I'm having Dark Tower flashbacks.

a3V

Judging by how the unicorns perceived the earth ponies in their sculpted images, I can only imagine what that altar was meant for.

My guess: they (the unicorn rulers) sacrificed ponies or something, and Celestia and Luna smote them for it. A pretty disastrous blow too from the sounds of it.

The Moral of the Story : Don't (censor) with Celestia and Luna's ponies.

Damn, this is impressive. You're getting much better with these "experiments" of yours. I eagerly await the next installment.

For the first time, a scent other than dirt and stone fills the air. It drifts in from the opening.
It is ash.

As I reached this line, For The New Lunar Republic started playing. :rainbowderp:
This is even more chilling than the last one. The stories you aren't telling us are as intriguing as what you do.

Pegasi: Massive cloud fortress. :rainbowdetermined2:
Unicorns: Enormous spire palace, still powered by ancient magicks. :raritystarry:
The Earth ponies' massive abandoned structure must be... Earth itself! :pinkiegasp:

Addendum: Oh wow, this first showed up in Ponemurdered? I was surprised when this showed up there!

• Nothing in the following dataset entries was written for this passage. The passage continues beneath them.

(* Let $\lambda \ge \aleph_2$ be a regular cardinal and $S \subseteq \lambda$ stationary. Then the following are equivalent: (1) $\mathsf{uDSR}({<}\lambda, S)$; (2) $\mathsf{DSR}({<}\lambda, S)$; (3) $\mathsf{OSR}(S)$; (4) for every matrix $\langle S_{\alpha,i} \mid \alpha<\lambda,\ i<j_\alpha\rangle$ of stationary subsets of $S$ with $j_\alpha<\lambda$ for all $\alpha<\lambda$, there is $\gamma<\lambda$ with $\mathrm{cf}(\gamma)>\omega$ such that $S_{\alpha,i}$ reflects at $\gamma$ for all $\alpha<\gamma$ and all $i<j_\alpha$.
   Context: A set $T$ of ordinals reflects at an ordinal $\gamma$ if $\mathrm{cf}(\gamma)>\omega$ and $T\cap\gamma$ is stationary in $\gamma$. For $\lambda$ regular uncountable, $S\subseteq\lambda$ stationary and $\kappa\le\lambda$: $\mathsf{DSR}({<}\kappa,S)$ asserts that whenever $\langle S_{\alpha,i}\mid\alpha<\lambda,\ i<j_\alpha\rangle$ is a matrix of stationary subsets of $S$ with $j_\alpha<\kappa$ for all $\alpha$, there are $\gamma<\lambda$ of uncountable cofinality and a club $F\subseteq\gamma$ such that $S_{\alpha,i}$ reflects at $\gamma$ for all $\alpha\in F$, $i<j_\alpha$. $\mathsf{uDSR}({<}\kappa,S)$ is the same with ''club $F\subseteq\gamma$'' replaced by ''unbounded $F\subseteq\gamma$''. $\mathsf{OSR}(S)$ asserts that for every sequence $\langle S_\alpha\mid\alpha<\lambda\rangle$ of stationary subsets of $S$ there is $\delta<\lambda$ with $\mathrm{cf}(\delta)>\omega$ such that $S_\alpha$ reflects at $\delta$ for all $\alpha<\delta$. *)

(* The regular cardinal lambda is modelled as an abstract
   well-ordered type (T, lt): elements of T are the ordinals < lambda. *)
From Stdlib Require Import Classical.

Section OrdinalNotions.
Variable T : Type.
Variable lt : T -> T -> Prop.
Local Infix "<<" := lt (at level 70).
Local Notation le x y := (lt x y \/ x = y).
(* Let $k\ge 2$, $l,m\ge 1$, and let $\Gamma=K_{1,k-1}[K_l,K_m,\dots,K_m]$ (with $K_l$ replacing the center of the star and $K_m$ replacing each of the $k-1$ leaves), so $\Gamma$ has $n=l+(k-1)m$ vertices. Let $d_1=n-1$, $d_2=l+m-1$, and \[y_{1,2}=\tfrac12\Big[(l-1)d_1\sqrt2+(m-1)d_2\sqrt2\pm\sqrt{\big[(l-1)d_1\sqrt2-(m-1)d_2\sqrt2\big]^2+4lm(k-1)(d_1^2+d_2^2)}\Big].\] Then the Sombor spectrum of $\Gamma$ (eigenvalues of its Sombor matrix with multiplicities) consists of $-(n-1)\sqrt2$ with multiplicity $l-1$, $-(l+m-1)\sqrt2$ with multiplicity $mk-k-m+1$, $(m-1)(l+m-1)\sqrt2$ with multiplicity $k-2$, and $y_1$, $y_2$ each with multiplicity $1$ (multiplicities adding up when values coincide).
   Context: All graphs are finite, simple and undirected. For a graph $\Gamma$ with vertices $u_1,\dots,u_N$, the Sombor matrix $S(\Gamma)$ is the $N\times N$ matrix whose $(i,j)$ entry is $\sqrt{\deg(u_i)^2+\deg(u_j)^2}$ if $u_i$ and $u_j$ are adjacent and $0$ otherwise; its eigenvalues with multiplicities form the Sombor spectrum. $K_r$ is the complete graph on $r$ vertices and $K_{1,k-1}$ is the star with center $u_1$ and leaves $u_2,\dots,u_k$. For a graph $H$ with vertices $u_1,\dots,u_k$ and pairwise disjoint graphs $\Gamma_1,\dots,\Gamma_k$, the generalized join $H[\Gamma_1,\dots,\Gamma_k]$ is obtained by replacing each $u_i$ by $\Gamma_i$ and joining every vertex of $\Gamma_i$ to every vertex of $\Gamma_j$ whenever $u_i$ is adjacent to $u_j$ in $H$. *)

From HB Require Import structures.
From mathcomp Require Import all_boot all_order all_algebra.
From mathcomp Require Import reals.
Set Implicit Arguments. Unset Strict Implicit. Unset Printing Implicit Defensive.
Import Order.TTheory GRing.Theory Num.Theory.
Local Open Scope ring_scope.

(* A finite simple graph on a finite vertex type T is given by its
   adjacency relation (assumed symmetric and irreflexive where needed). *)

Definition deg (T : finType) (e : rel T) (x : T) : nat := #|[pred y | e x y]|.

Definition sombor_mx (R : rcfType) (T : finType) (e : rel T) : 'M[R]_#|T| :=
  \matrix_(i, j) (let x := enum_val i in let y := enum_val j in
     if e x y then Num.sqrt (((deg e x)%:R) ^+ 2 + ((deg e y)%:R) ^+ 2) else 0).

Definition complete_rel (r : nat) : rel 'I_r := fun a b => a != b.

Definition star_rel (k : nat) : rel 'I_k :=
  fun i j => (i != j) && ((val i == 0%N) || (val j == 0%N)).

Definition gjoin_rel (k : nat) (H : rel 'I_k) (s : 'I_k -> nat)
  (G : forall i, rel 'I_(s i)) : rel {i : 'I_k & 'I_(s i)} :=
  fun x y => if tag x == tag y then G (tag x) (tagged x) (tagged_as x y)
             else H (tag x) (tag y).

Definition star_sizes (k l m : nat) : 'I_k -> nat :=
  fun i => if val i == 0%N then l else m.

Definition star_join_rel (k l m : nat) :=
  @gjoin_rel k (@star_rel k) (@star_sizes k l m)
    (fun i => @complete_rel (@star_sizes k l m i)).

From HB Require Import structures.
From mathcomp Require Import all_boot all_order all_algebra.
From mathcomp Require Import reals.
From mathcomp Require Import ring.
Import Order.TTheory GRing.Theory Num.Theory.
Local Open Scope ring_scope.
Set Implicit Arguments. Unset Strict Implicit. Unset Printing Implicit Defensive.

Definitely a different feel to this one. This comes a little bit closer than the first chapter to actually telling a story. There is clearly an implied set of events here, whereas it was left a bit more vague as to what happened to Derecho.

But both chapters are extremely effective at showcasing a specific culture, displaying their priorities and their attitudes. It's interesting to note that both the pegasus and unicorn cultures displayed here were highly insular and self-centered, but in dramatically different ways. All the opulence and splendor, all the hubris. The bit about the wall-carvings steadily de-humanizing (de-ponifying?) the earth ponies was especially chilling.

Now, in the first chapter, the only modern ponies whose view of the fortress was referenced were earth ponies. And in this chapter, the only modern ponies mentioned are pegasi. I wonder if that's just a coincidence of convenience, or if you're going to complete the cycle in the next chapter by making whatever bastion the earth ponies had only visited by unicorns?

So very nice:

I love reading pieces like this aloud in a hushed John Hurt sort of voice.

One brief typo: "Hundreds of small outbuilding surround a central castle," it says at one point. Unless "outbuilding" is wunna them pesky collective nouns...

Mike

Again, beautiful writing. The description of the Heartspire is full of haunting grandeur. It gave me the idea that the White Queens were the traditional movers of the Sun and the Moon, before Celestia and Luna came onto the scene... and that they continued the sacrifices, out of tradition and vanity, until the Princesses visited them. Once.

Chilling! Tower of Babel anyone? Or the (most probably false) tales about the Egyptian pyramids, where the pharaohs had the workers buried to keep their secrets?
I like this chapter even better then the first one. And I loved that one already!